Managing fatigue as a component of frequency

Volume is often considered as the main driver for hypertrophy and as well all know having more muscle provides us with the opportunity to have the most strength.

Additionally, there is a further advantage in skill acquisition doing the same squat 100 times a week is going to provide you with much greater technical skill versus doing it 10 times a week.

Fatigue really comes in two specific ways in reference to powerlifting.

  1. Overall Cumulative Fatigue
  2. Daily Session Fatigue

So let us break those down and how to effectively manage them and ensure that we can meet maximum recoverable volume and continue to progress.

To set an example let us say that over the week we want to accomplish 100 reps of squat and now we can consider how this would impact our squats session by session and out other lifts.


So as much as squat volume and frequency are impactful on fatigue in that lift they also can have a large impact on the overall fatigue you may feel week to week.

Think about it like this if you did a 10×10 your first session of the week the next day or days you will be fatigued. Deadlifts will be very difficult in this fatigued state and it could even impact bench press if you squat low bar.

Additionally, it is very unlikely that you will be able to accomplish a considerably high intensity over the session due to such a high volume of reps.

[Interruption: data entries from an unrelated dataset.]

(* Let $p \geq 5$ be a prime and let $G$ be a group of order $p^7$ such that $\gamma_2(G)$ is an abelian subgroup of order $p^5$ with $d(\gamma_2(G)) = 4$. Then: (i) the nilpotency class of $G$ is at least $5$; (ii) if $p \geq 7$, then the nilpotency class of $G$ is exactly $5$.
   Context: $\gamma_2(G)$ denotes the commutator subgroup of $G$ and $d(X)$ the minimal number of generators of a finite group $X$. *)

From mathcomp Require Import all_boot all_fingroup all_solvable.
Set Implicit Arguments. Unset Strict Implicit. Unset Printing Implicit Defensive.
Local Open Scope group_scope.

(* d(A): the minimal number of generators of a group A, i.e. the least
   cardinality of a subset S with <<S>> = A.  (A itself generates A when A
   is a group, so the arg min is taken over a non-empty range.) *)
Definition min_gen_set (gT : finGroupType) (A : {set gT}) : {set gT} :=
  [arg min_(S < A | <<S>> == A) #|S|].

Definition dgen (gT : finGroupType) (A : {set gT}) : nat := #|min_gen_set A|.

(* Let M = G^`(1). As M is abelian of order p^5 and rank 4, 'Ohm_1(M) has order
   p^4 and 'Mho^1(M) has order p; being normal of order p, 'Mho^1(M) is central.
   Hence [m, g]^p = [m^p, g] = 1, so 'L_3(G) has exponent p. Since 'Phi(G) = M
   has index p^2, G = <a, b>, and M = <c>'L_3(G) for c = [a, b], so that c^p is a
   nontrivial central element. As long as 'L_p.+1(G) = 1, expanding (g [g, h])^p
   in M, on which g acts as 1 + (u |-> [u, g]), gives the Hall relations
   [a^p, b] = c^p and [b^p, a] = c^-p.
   Each 'L_k.+1(G) / 'L_k.+2(G) is generated by the commutators with a and b of
   generators of 'L_k(G) / 'L_k.+1(G). If the class were at most 4, then
   p^4 <= |'L_3| <= p^2 |'L_4|, while a^p and b^p lie in 'L_3 \ 'L_4 and generate
   'L_3 modulo 'L_4, so that 'L_4 <= <c^p> has order at most p. If p >= 7 and the
   class were at least 6, every factor of the lower central series from M on has
   order p, c^p lies in 'L_6, and a^p generates 'L_5 modulo 'L_6, so 'L_5
   centralises a; yet b^p lies in 'L_5 and [b^p, a] = c^-p. *)

From mathcomp Require Import all_boot all_fingroup all_solvable ssralg zify.
Set Implicit Arguments. Unset Strict Implicit. Unset Printing Implicit Defensive.
Import GRing.Theory.
Local Open Scope group_scope.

Thus, increasing the frequency of your training for each respective lift is going to allow you to handle a greater volume with a greater level of both technical and fatigue based efficiency.

Think about it this way, doing 6 hours of homework on one day is going to be stressful and result in a decreased quality because you are trying to rush it, inevitably this will also result in you being less invested in each respective element of homework.

Back to lifting, breaking down that 100 reps across 2-4 sessions allow you to accomplish a high level of volume as well as not necessarily causing fatigue that will impact your lifts. Thus you would be likely more able to train another lift on the same day or the next day and benefit from reduced overall fatigue. Moreover, spreading out your work across the week should allow you to train contingently for a longer period of time without taking substantial breaks.


This is something that is perhaps the most important when building a training program. Understanding how to control your fatigue throughout the sessions will contribute majorly to the overall fatigue you are carrying and ultimately your ability to push your training and thus your meet performance.

There is one component of fatigue management which can transform your training and meet performance allowing you practice almost exactly as you play.

Multi-lift sessions.

They will literally change your life, most of us came to powerlifting from bodybuilding or generic training so we were used to splitting up our training into body parts thus when we moved to powerlifting we split up our training into leg day (Squats) Chest Day (Bench) and Back day (Deadlifts) this can work fine, however, it is preventative of increased frequency or volume as your workouts are spread out. Moreover, it presents another issue in that you are training every lift in a non-fatigued state, completely against how we compete.

I am not saying you have to train every lift every session, but having somewhere your lifts are being completed in a fatigued state: after another lift, this will help you in preparation for competition.

Personally, I train like this:

Monday: Light Squats, Heavy Deadlifts, Lower Body Accessories

Tuesday: Heavy Bench, Accessory Bench, Chest Accessories

Wednesday: Heavy Squats, Medium Bench, Light Deadlifts, Shoulder Accessories

Thursday: Rest

Friday: Medium Deadlifts, Accessory Deadlifts, Back Accessories

Saturday: Medium Squats, Accessory Squats, Light Bench

As you can see I do not always train in the exact competition style, but I do replicate it within reason. Especially, benching to a reasonable intensity after squatting heavy and deadlifting heavy after squatting light. As you can see I do not bench heavy after squatting, this is not exactly optimal but I would prefer to prevent elbow issues to the fullest extent.

Additionally, this method of training allows me to get in 3 sessions of each lift within 5 days of training. providing me with 2 full rest days and 2 partial rest days. This allows me to go into my heavy sessions with minimal baseline fatigue as well as accomplishing more within each session and completing these movements with a higher level of intensity.

Basically, what I am saying is fatigue will always be there, and usually, if you are approaching a meet there will be a lot of it! So, when designing a program or adapting one for your own use you have to recognize the importance of prioritizing fatigue management as it can be a most dangerous adversary but also a hugely useful tool. Moreover, before you start working with any coach you should generate an understanding of how you operate and effectively manage fatigue so that you can consider what you are capable of as it pertains to volume. Personally, I am aware that due to previous injuries exceedingly high reps 6+ on deadlifts can be particularly fatiguing and could potentially destroy my squat performance as well.

Just prioritize understanding fatigue and how it affects you and program with that in mind, but, most of all remember that strenght has no limit.